Classics

Walter G. Englert

Greek and Latin literature, ancient philosophy.

Ellen Millender

Greek and Roman history, Greek historiography, women in the ancient world.

Nigel Nicholson

Greek and Latin literature, literary theory.

Sonia Sabnis

Latin and Greek Literature

The classics major focuses on studies in Greek and Latin language and literature, and on the classical civilization of which they are a part.

It is possible to do major work in Greek or Latin with a minor in the other language, or to do an equal amount of work in both languages. The department recommends the latter option for students intending to do graduate work in classics.

The range of senior thesis topics open to majors is very broad: philological or literary analyses of classical literature, historiography or philosophy; explorations of problems in Greek or Roman history and historiography; and investigations into the nature and function of Greek or Roman society and thought.

Classics majors are strongly urged to consider attending the Intercollegiate Center for Classical Studies (ICCS) during one semester of the junior year. The ICCS, of which Reed College is a member, offers the opportunity for intensive study of the archaeology, history, and art of Rome, and of Greek and Latin literature.

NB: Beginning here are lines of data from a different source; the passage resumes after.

(* Let $a$ and $b$ be two disjoint finite groups of instances, each instance carrying a binary label, and let $\mathrm{p}^a$ and $\mathrm{p}^b$ be fixed orderings of the instances of $a$ and of $b$, respectively. Assume $n_1^a,n_0^a,n_1^b,n_0^b\ge 1$. Then: (i) there exists a cross-group ordering $o$ of $(\mathrm{p}^a,\mathrm{p}^b)$ with $\Delta\mathrm{URF}^o \le \min(1/n^a,\,1/n^b)$; (ii) there exists a cross-group ordering $o$ with $\Delta\mathrm{xAUC}^o \le \min\big(\max(1/n_1^b,1/n_0^b),\ \max(1/n_1^a,1/n_0^a)\big)$; (iii) there exists a cross-group ordering $o$ with $\Delta\mathrm{PRF}^o \le \min\big(\max(n_0^b/(n_1^a n_0),\,1/n_0),\ \max(n_0^a/(n_1^b n_0),\,1/n_0)\big)$.
   Context: Each instance $u$ has a label $Y_u\in\{0,1\}$. For a group $g\in\{a,b\}$: $n^g$ is the number of instances in $g$, $n^g_1$ the number with label 1, $n^g_0$ the number with label 0; $n_1=n_1^a+n_1^b$, $n_0=n_0^a+n_0^b$. A cross-group ordering $o$ of $(\mathrm{p}^a,\mathrm{p}^b)$ is a total order (a list) of all instances of $a\cup b$ in which the instances of $a$ appear in the same relative order as in $\mathrm{p}^a$ and the instances of $b$ in the same relative order as in $\mathrm{p}^b$. ''$u$ precedes $v$ in $o$'' means $u$ is ranked above $v$. Metrics induced by $o$: $\mathrm{xAUC}^o(a,b)=\frac{1}{n_1^a n_0^b}\#\{(u,v): u\in a, Y_u=1, v\in b, Y_v=0, u \text{ precedes } v\}$, and $\mathrm{xAUC}^o(b,a)$ symmetrically; $\Delta\mathrm{xAUC}^o=|\mathrm{xAUC}^o(a,b)-\mathrm{xAUC}^o(b,a)|$. $\Delta\mathrm{URF}^o=\frac{1}{n^a n^b}\big|\#\{(u,v):u\in a,v\in b,u\text{ precedes }v\}-\#\{(u,v):u\in a,v\in b,v\text{ precedes }u\}\big|$. $\mathrm{PRF}^o(a)=\frac{1}{n_1^a n_0}\#\{(u,v): u\in a, Y_u=1, Y_v=0, u\text{ precedes } v\}$ (with $v$ ranging over negatives of both groups), $\mathrm{PRF}^o(b)$ symmetrically; $\Delta\mathrm{PRF}^o=|\mathrm{PRF}^o(a)-\mathrm{PRF}^o(b)|$. *)

From mathcomp Require Import all_boot all_order all_algebra.
Set Implicit Arguments. Unset Strict Implicit. Unset Printing Implicit Defensive.
Import Order.TTheory GRing.Theory Num.Theory.
Local Open Scope ring_scope.

Section Fairness.
Variable T : eqType.
Variable Y : T -> bool.    (* labels: Y u = true  <-> label 1 *)

Definition nn (s : seq T) : nat := size s.
Definition n1 (s : seq T) : nat := count Y s.
Definition n0 (s : seq T) : nat := count (predC Y) s.

Definition cross_ordering (pa pb o : seq T) : bool :=
  [&& perm_eq o (pa ++ pb), filter (mem pa) o == pa & filter (mem pb) o == pb].

(* u precedes v in o: u is ranked above (earlier in the list) v *)
Definition precedes (o : seq T) (u v : T) : bool := (index u o < index v o)%N.

Definition npairs (s t : seq T) (P : T -> T -> bool) : nat :=
  (\sum_(u <- s) \sum_(v <- t) P u v)%N.

Variable R : realFieldType.

Definition xAUC (o pg ph : seq T) : R :=
  (npairs pg ph (fun u v => [&& Y u, ~~ Y v & precedes o u v]))%:R
  / ((n1 pg * n0 ph)%N)%:R.

Definition DxAUC (o pa pb : seq T) : R := `|xAUC o pa pb - xAUC o pb pa|.

Definition DURF (o pa pb : seq T) : R :=
  `|(npairs pa pb (fun u v => precedes o u v))%:R
    - (npairs pa pb (fun u v => precedes o v u))%:R| / ((nn pa * nn pb)%N)%:R.

Definition PRF (o pg pa pb : seq T) : R :=
  (npairs pg (pa ++ pb) (fun u v => [&& Y u, ~~ Y v & precedes o u v]))%:R
  / ((n1 pg * (n0 pa + n0 pb))%N)%:R.

Definition DPRF (o pa pb : seq T) : R := `|PRF o pa pa pb - PRF o pb pa pb|.

End Fairness.

From mathcomp Require Import all_boot all_order all_algebra.
From mathcomp Require Import lra ring zify.
From Stdlib Require Import Relation_Operators.
Import Order.TTheory GRing.Theory Num.Theory.
Set Implicit Arguments. Unset Strict Implicit. Unset Printing Implicit Defensive.

(* Sweep from the ordering [pa ++ pb] (group a entirely above group b) to [pb ++ pa] by
   adjacent transpositions, each lifting an instance of b over an instance of a; every
   intermediate list is a cross-group ordering. A transposition of u and v only changes the
   relative order of u and v, so every pair count moves by at most one, and each of the three
   signed disparities moves by at most [1/c1 + 1/c2], its two normalising constants. Each
   disparity is nonnegative at [pa ++ pb] and nonpositive at [pb ++ pa], hence a discrete
   intermediate value argument gives an ordering where it lies within half a step of zero;
   the stated bounds then follow by comparing the constants. *)

Section Precedence.
Variable T : eqType.
Implicit Types (s t p r : seq T) (u v x y z : T).

Lemma index_swap_other s t u v z : u \notin s -> v \notin s -> z != u -> z != v ->
  index z (s ++ v :: u :: t) = index z (s ++ u :: v :: t).
Proof.
by move=> us vs zu zv; rewrite !index_cat /= !(eq_sym _ z) (negbTE zu) (negbTE zv).
Qed.

Lemma index_swap_other_range s t u v z : u \notin s -> v \notin s -> z != u -> z != v ->
  (index z (s ++ u :: v :: t) < size s)%N \/ ((size s).+1 < index z (s ++ u :: v :: t))%N.
Proof.
move=> us vs zu zv; rewrite index_cat /= !(eq_sym _ z) (negbTE zu) (negbTE zv).
by case: ifP => [zs | _]; [left; rewrite index_mem | right; lia].
Qed.

Lemma precedes_swap s t u v x y : uniq (s ++ u :: v :: t) ->
  ~~ ((x == u) && (y == v)) -> ~~ ((x == v) && (y == u)) ->
  precedes (s ++ v :: u :: t) x y = precedes (s ++ u :: v :: t) x y.
Proof.
rewrite cat_uniq /= !inE !negb_or => /and3P [_ /and3P [us vs _] /and3P [/andP [uv _] _ _]].
have [iu iv iu' iv'] : [/\ index u (s ++ u :: v :: t) = size s,
    index v (s ++ u :: v :: t) = (size s).+1, index u (s ++ v :: u :: t) = (size s).+1
  & index v (s ++ v :: u :: t) = size s].
  by rewrite !index_cat (negbTE us) (negbTE vs) /= [v == u]eq_sym (negbTE uv) !eqxx addn0 addn1.
(* The swap exchanges the indices [size s] and [(size s).+1] of [u] and [v] and fixes
   every other index, which lies outside that window. *)
rewrite /precedes.
case: (eqVneq x u) => [exu|xu]; case: (eqVneq x v) => [exv|xv];
case: (eqVneq y u) => [eyu|yu]; case: (eqVneq y v) => [eyv|yv]; subst=> //=;
rewrite ?eqxx ?andbT ?andbF //= => _ _;
rewrite ?iu ?iv ?iu' ?iv';
try rewrite (index_swap_other t us vs xu xv);
try rewrite (index_swap_other t us vs yu yv);
try have := index_swap_other_range t us vs xu xv;
try have := index_swap_other_range t us vs yu yv; lia.
Qed.

Lemma precedes_cat p r x y : x \in p -> y \notin p -> precedes (p ++ r) x y.
Proof.
move=> xp yp; rewrite /precedes !index_cat xp (negbTE yp).
by apply: leq_trans (leq_addr _ _); rewrite index_mem.
Qed.

Lemma precedes_catN p r x y : x \in p -> y \notin p -> precedes (p ++ r) y x = false.
Proof.
move=> xp yp; have := precedes_cat r xp yp; rewrite /precedes => lt_xy.
by apply/negbTE; rewrite -leqNgt ltnW.
Qed.

Definition precedence_based (H : seq T -> T -> T -> bool) : Prop :=
  forall o o' x y, precedes o' x y = precedes o x y -> precedes o' y x = precedes o y x ->
    H o' x y = H o x y.

End Precedence.

Section PairCounts.
Variable T : eqType.
Implicit Types (p q r : seq T) (u v : T) (H : T -> T -> bool).

Lemma npairs0 p q H :
  (forall x y, x \in p -> y \in q -> H x y = false) -> npairs p q H = 0%N.
Proof.
move=> H0; rewrite /npairs big_seq big1 // => x xp.
by rewrite big_seq big1 // => y yq; rewrite H0.
Qed.

Lemma npairs_cat p q r H : npairs p (q ++ r) H = (npairs p q H + npairs p r H)%N.
Proof. by rewrite /npairs -big_split; apply: eq_bigr => x _; rewrite big_cat. Qed.

Lemma npairs_andb (a b : pred T) p q :
  npairs p q (fun x y => a x && b y) = (count a p * count b q)%N.
Proof.
rewrite /npairs -!sum1_count big_distrl [RHS]big_mkcond /=; apply: eq_bigr => x _.
case: (a x); last by rewrite big1.
by rewrite mul1n [RHS]big_mkcond; apply: eq_bigr => y _; case: (b y).
Qed.

Lemma leq_npairs_off_pair p q u v H H' :
  (forall x y, ~~ ((x == u) && (y == v)) -> ~~ ((x == v) && (y == u)) -> H' x y = H x y) ->
  (npairs p q H' <= npairs p q H
     + (count_mem u p * count_mem v q + count_mem v p * count_mem u q))%N.
Proof.
move=> eqH; rewrite addnA -!npairs_andb /npairs -!big_split /=.
apply: leq_sum => x _; rewrite -!big_split /=; apply: leq_sum => y _.
move: (eqH x y); case: (x == u) (y == v) (x == v) (y == u) => [] [] [] [] //=;
  by [move=> /(_ isT isT) ->; rewrite !addn0 | move=> _; case: (H' x y); case: (H x y)].
Qed.

Lemma count_off_pair_le1 p q u v : uniq p -> uniq q -> (u \notin p) || (v \notin p) ->
  (count_mem u p * count_mem v q + count_mem v p * count_mem u q <= 1)%N.
Proof.
move=> up uq; rewrite !count_uniq_mem //.
by case/orP=> /negbTE ->; rewrite mul0n ?add0n ?addn0 mulnb leq_b1.
Qed.

End PairCounts.

Local Open Scope ring_scope.

Lemma discrete_ivt (R : realFieldType) (A : Type) (r : A -> A -> Prop) (P : A -> Prop)
    (g : A -> R) (d : R) :
  0 <= d -> (forall x y, P x -> r x y -> P y /\ `|g y - g x| <= d) ->
  forall x z, clos_refl_trans A r x z -> P x -> 0 <= g x -> g z <= 0 ->
  exists y, P y /\ `|g y| <= d / 2.
Proof.
move=> d_ge0 step.
have reach_P x y : clos_refl_trans A r x y -> P x -> P y.
  elim=> {x y} [x y rxy Px | // | x y z _ Pxy _ Pyz /Pxy /Pyz //].
  exact: (step x y Px rxy).1.
move=> x z; elim=> {x z} [x y rxy | x | x y z xy IHxy _ IHyz] Px gx_ge0 gz_le0.
- have [Py] := step x y Px rxy; rewrite ler_norml => /andP [lo hi].
  have [gx_small | gx_big] := lerP (g x) (d / 2).
    by exists x; split; rewrite // ler_norml; apply/andP; split; lra.
  by exists y; split; rewrite // ler_norml; apply/andP; split; lra.
- exists x; split => //.
  have -> : g x = 0 by apply/eqP; rewrite eq_le gz_le0 gx_ge0.
  by rewrite normr0 divr_ge0.
- have [gy_le0 | gy_gt0] := lerP (g y) 0; first exact: IHxy.
  exact: IHyz (reach_P _ _ xy Px) (ltW gy_gt0) gz_le0.
Qed.

Section Sweep.
Variables (R : realFieldType) (T : eqType).

Lemma npairs_swap_dist (p q s t : seq T) (u v : T) (H : seq T -> T -> T -> bool) :
  precedence_based H -> uniq (s ++ u :: v :: t) -> uniq p -> uniq q ->
  (u \notin p) || (v \notin p) ->
  `|(npairs p q (H (s ++ v :: u :: t)))%:R - (npairs p q (H (s ++ u :: v :: t)))%:R| <= 1 :> R.
Proof.
move=> Hbased uo up uq uvp.
have off_pair x y : ~~ ((x == u) && (y == v)) -> ~~ ((x == v) && (y == u)) ->
    H (s ++ v :: u :: t) x y = H (s ++ u :: v :: t) x y.
  move=> xy_uv xy_vu; apply: Hbased; first exact: precedes_swap.
  by apply: precedes_swap; rewrite // andbC.
have c_le1 := count_off_pair_le1 up uq uvp.
have le1 := leq_npairs_off_pair p q off_pair.
have le2 := leq_npairs_off_pair p q (fun x y h1 h2 => esym (off_pair x y h1 h2)).
move: (leq_trans le1 (leq_add (leqnn _) c_le1)) (leq_trans le2 (leq_add (leqnn _) c_le1)).
rewrite -!(ler_nat R) !natrD ler_norml => ? ?; apply/andP; split; lra.
Qed.

Variables (pa pb : seq T).
Hypotheses (uniq_pa : uniq pa) (uniq_pb : uniq pb) (disj : ~~ has (mem pb) pa).

Definition ab_swap (o o' : seq T) : Prop :=
  exists s t u v, [/\ o = s ++ u :: v :: t, o' = s ++ v :: u :: t, u \in pa & v \in pb].

Lemma notin_pb x : x \in pa -> x \notin pb.
Proof. exact: hasPn disj x. Qed.

Lemma notin_pa x : x \in pb -> x \notin pa.
Proof. by apply: contraL => /notin_pb. Qed.

Lemma cross_ordering_cat : cross_ordering pa pb (pa ++ pb).
Proof.
have fba : filter (mem pb) pa = [::] by apply/eqP; rewrite -[_ == _]negbK -has_filter.
have fab : filter (mem pa) pb = [::].
  by apply/eqP; rewrite -[_ == _]negbK -has_filter has_sym.
apply/and3P; split=> //; rewrite filter_cat ?fab ?fba ?cats0 //=.
- exact/eqP/all_filterP/allss.
- exact/eqP/all_filterP/allss.
Qed.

In addition to serving majors, the department provides elective courses for students in other departments who wish to satisfy foreign language requirements, to study Greek or Roman history, or to take courses in general literature dealing with the classical tradition, in which a knowledge of the languages is not required.

A classics major not only prepares students for continuing work in the discipline, but for graduate study of such allied subjects as history, archaeology, art history, philosophy, medieval studies, and linguistics, and for the professional study of law and theology. It is also excellent preparation for graduate work in English and comparative literature.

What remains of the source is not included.